- _WHAT YOU ARE ASKED TO DO_
Transcribe every record verbatim.

=== PROVIDED MATERIAL ===

Lemma sum_firstm_mixed_le k : (k <= n./2)%N ->
  (\sum_(y : bits | k <= firstm y) (firstm y + mixed_first y) <=
   \sum_(y : bits | k <= firstm y) k.+1)%N.
Proof.
move=> le_k.
have split_firstm y : (k <= firstm y)%N ->
    (firstm y + mixed_first y = k + (\sum_(k <= j < n./2) (j < firstm y)%N + mixed_first y))%N.
  by move=> le_y; rewrite sum_ltn_indicator ?le_y ?firstm_le //; lia.
rewrite (eq_bigr _ split_firstm) [leqRHS](eq_bigr (fun y => k + 1)%N) => [|y _];
  last by rewrite addn1.
rewrite !big_split /= leq_add2l.
apply: leq_trans (_ : _ <= \sum_(y | k <= firstm y)
  (\sum_(k <= j < n./2) ((firstm y == j) && blk_zeros y j) + mixed_first y))%N _; last first.
  by apply: leq_sum => y _; apply: firstm_zeros_add_mixed_le1.
rewrite big_split leq_add2r /= exchange_big [leqRHS]exchange_big /= big_nat [leqRHS]big_nat.
apply: leq_sum => j /andP[le_j lt_j]; rewrite !sum_indicator_card.
- exact: card_firstm_gt_le.
- by move=> y /andP[/eqP-> _].
- by move=> y /ltnW; apply: leq_trans.
Qed.

Lemma sum_HLB_le (R : realFieldType) (d : R) k : ~~ odd n -> (0 <= d)%R -> (k <= n./2)%N ->
  (\sum_(y | ones_prefix k y) HLB d y <= \sum_(y | ones_prefix k y) (2 * k + 2)%N%:R)%R.
Proof.
move=> n_even d_ge0 le_k; rewrite !(eq_bigl _ _ (fun y => ones_prefixE y le_k)).
apply: le_trans (_ : _ <= \sum_(y | (k <= firstm y)%N) (2 * (firstm y + mixed_first y))%N%:R)%R _.
  by apply: ler_sum => y _; apply: HLB_le_mixed_first.
rewrite -!natr_sum ler_nat [leqRHS](eq_bigr (fun y => 2 * k.+1)%N) => [|y _]; last lia.
by rewrite -!big_distrr /= leq_mul2l sum_firstm_mixed_le.
Qed.

(** * Permutation-invariant distributions *)

Definition rot_fun (c j : 'I_n) : 'I_n :=
  Ordinal (ltn_pmod (j + c) (leq_ltn_trans (leq0n _) (ltn_ord c))).

Lemma rot_fun_inj c : injective (rot_fun c).
Proof.
move=> j1 j2 /(congr1 val) /= /eqP; rewrite eqn_modDr !modn_small // => /eqP.
exact: val_inj.
Qed.

Definition rot (c : 'I_n) : 'S_n := perm (@rot_fun_inj c).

===

- _EXERCISE OUTPUT_
Lemma sum_firstm_mixed_le k : (k <= n./2)%N ->
  (\sum_(y : bits | k <= firstm y) (firstm y + mixed_first y) <=
   \sum_(y : bits | k <= firstm y) k.+1)%N.
Proof.
move=> le_k.
have split_firstm y : (k <= firstm y)%N ->
    (firstm y + mixed_first y = k + (\sum_(k <= j < n./2) (j < firstm y)%N + mixed_first y))%N.
  by move=> le_y; rewrite sum_ltn_indicator ?le_y ?firstm_le //; lia.
rewrite (eq_bigr _ split_firstm) [leqRHS](eq_bigr (fun y => k + 1)%N) => [|y _];
  last by rewrite addn1.
rewrite !big_split /= leq_add2l.
apply: leq_trans (_ : _ <= \sum_(y | k <= firstm y)
  (\sum_(k <= j < n./2) ((firstm y == j) && blk_zeros y j) + mixed_first y))%N _; last first.
  by apply: leq_sum => y _; apply: firstm_zeros_add_mixed_le1.
rewrite big_split leq_add2r /= exchange_big [leqRHS]exchange_big /= big_nat [leqRHS]big_nat.
apply: leq_sum => j /andP[le_j lt_j]; rewrite !sum_indicator_card.
- exact: card_firstm_gt_le.
- by move=> y /andP[/eqP-> _].
- by move=> y /ltnW; apply: leq_trans.
Qed.

Lemma sum_HLB_le (R : realFieldType) (d : R) k : ~~ odd n -> (0 <= d)%R -> (k <= n./2)%N ->
  (\sum_(y | ones_prefix k y) HLB d y <= \sum_(y | ones_prefix k y) (2 * k + 2)%N%:R)%R.
Proof.
move=> n_even d_ge0 le_k; rewrite !(eq_bigl _ _ (fun y => ones_prefixE y le_k)).
apply: le_trans (_ : _ <= \sum_(y | (k <= firstm y)%N) (2 * (firstm y + mixed_first y))%N%:R)%R _.
  by apply: ler_sum => y _; apply: HLB_le_mixed_first.
rewrite -!natr_sum ler_nat [leqRHS](eq_bigr (fun y => 2 * k.+1)%N) => [|y _]; last lia.
by rewrite -!big_distrr /= leq_mul2l sum_firstm_mixed_le.
Qed.

(** * Permutation-invariant distributions *)

Definition rot_fun (c j : 'I_n) : 'I_n :=
  Ordinal (ltn_pmod (j + c) (leq_ltn_trans (leq0n _) (ltn_ord c))).

Lemma rot_fun_inj c : injective (rot_fun c).
Proof.
move=> j1 j2 /(congr1 val) /= /eqP; rewrite eqn_modDr !modn_small // => /eqP.
exact: val_inj.
Qed.

Definition rot (c : 'I_n) : 'S_n := perm (@rot_fun_inj c).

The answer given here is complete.